## Assignment:
Exact copies of all the entries below are expected in the answer.

----- Information given -----

Lemma complement_vertex_reach s v : facet N s -> v \in vertices C -> v \in apex_reach s.
Proof.
move=> fs /verticesP [t]; rewrite inE => /andP [tM tC] vt.
have [F0 fF0 sF0] := exists_facet (subsetP NM s (facet_mem fs)).
have [F fF tF] := exists_facet tM.
have [|x xs F0x] := subset_cardS sF0; first by rewrite pureM.2 // facetN_card.
suff FS : F :\: vertices N \subset apex_reach s.
  apply: (subsetP FS); move/subsetP: tC => /(_ v vt).
  by rewrite !inE (subsetP tF v vt) andbT => /andP [].
apply: (facet_transport (Q := fun F => F :\: vertices N \subset apex_reach s)
  scM pureM linkM (fun F G => @apex_reach_adjacent s F G fs) fF0 fF).
apply/subsetP => w; rewrite F0x !inE => /andP [wN /predU1P [-> | ws]].
  by apply/exists_inP; exists x; rewrite // inE xs -F0x (facet_mem fF0).
by rewrite (subsetP (sub_vertices (facet_mem fs)) w ws) in wN.
Qed.

Lemma complement_path u v : u \in vertices N -> v \in vertices C ->
  exists p : seq T, [/\ path (edge_rel M) u p, last u p = v
                     & all (fun w => w \notin vertices N) p].
Proof.
case/verticesP => t tN ut vC; have [s fs ts] := exists_facet tN.
have := complement_vertex_reach fs vC; rewrite inE.
case/exists_inP => x xA /connectP [p xp ->]; exists (x :: p); split => //=.
  rewrite (sub_path _ xp) ?andbT => [|y z /complement_edgeP []//].
  move: xA; rewrite inE => /andP [xs xsM]; have us := subsetP ts u ut.
  rewrite /edge_rel (scM xsM) ?andbT; first by apply: contraNneq xs => <-.
  by rewrite subUset !sub1set !inE us eqxx !orbT.
rewrite (apex_outside (facet_mem fs) (facetN_card fs) xA).
by apply: path_all xp => y z /complement_edgeP [].
Qed.

Lemma num_components_complement : num_components C <= 2.
Proof.
have [s0 s0N _] := dimN.1; have [s fs _] := exists_facet s0N.
rewrite -(card_apex pmM (subsetP NM s (facet_mem fs)) (facetN_card fs)).
apply: leq_trans (leq_imset_card (component C) _).
apply: subset_leq_card; apply/subsetP => K /imsetP [v vC ->].
have := complement_vertex_reach fs vC; rewrite inE => /exists_inP [x xA xv].
by apply/imsetP; exists x; rewrite // (component_connect xv).
Qed.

-----

## Task response:
Lemma complement_vertex_reach s v : facet N s -> v \in vertices C -> v \in apex_reach s.
Proof.
move=> fs /verticesP [t]; rewrite inE => /andP [tM tC] vt.
have [F0 fF0 sF0] := exists_facet (subsetP NM s (facet_mem fs)).
have [F fF tF] := exists_facet tM.
have [|x xs F0x] := subset_cardS sF0; first by rewrite pureM.2 // facetN_card.
suff FS : F :\: vertices N \subset apex_reach s.
  apply: (subsetP FS); move/subsetP: tC => /(_ v vt).
  by rewrite !inE (subsetP tF v vt) andbT => /andP [].
apply: (facet_transport (Q := fun F => F :\: vertices N \subset apex_reach s)
  scM pureM linkM (fun F G => @apex_reach_adjacent s F G fs) fF0 fF).
apply/subsetP => w; rewrite F0x !inE => /andP [wN /predU1P [-> | ws]].
  by apply/exists_inP; exists x; rewrite // inE xs -F0x (facet_mem fF0).
by rewrite (subsetP (sub_vertices (facet_mem fs)) w ws) in wN.
Qed.

Lemma complement_path u v : u \in vertices N -> v \in vertices C ->
  exists p : seq T, [/\ path (edge_rel M) u p, last u p = v
                     & all (fun w => w \notin vertices N) p].
Proof.
case/verticesP => t tN ut vC; have [s fs ts] := exists_facet tN.
have := complement_vertex_reach fs vC; rewrite inE.
case/exists_inP => x xA /connectP [p xp ->]; exists (x :: p); split => //=.
  rewrite (sub_path _ xp) ?andbT => [|y z /complement_edgeP []//].
  move: xA; rewrite inE => /andP [xs xsM]; have us := subsetP ts u ut.
  rewrite /edge_rel (scM xsM) ?andbT; first by apply: contraNneq xs => <-.
  by rewrite subUset !sub1set !inE us eqxx !orbT.
rewrite (apex_outside (facet_mem fs) (facetN_card fs) xA).
by apply: path_all xp => y z /complement_edgeP [].
Qed.

Lemma num_components_complement : num_components C <= 2.
Proof.
have [s0 s0N _] := dimN.1; have [s fs _] := exists_facet s0N.
rewrite -(card_apex pmM (subsetP NM s (facet_mem fs)) (facetN_card fs)).
apply: leq_trans (leq_imset_card (component C) _).
apply: subset_leq_card; apply/subsetP => K /imsetP [v vC ->].
have := complement_vertex_reach fs vC; rewrite inE => /exists_inP [x xA xv].
by apply/imsetP; exists x; rewrite // (component_connect xv).
Qed.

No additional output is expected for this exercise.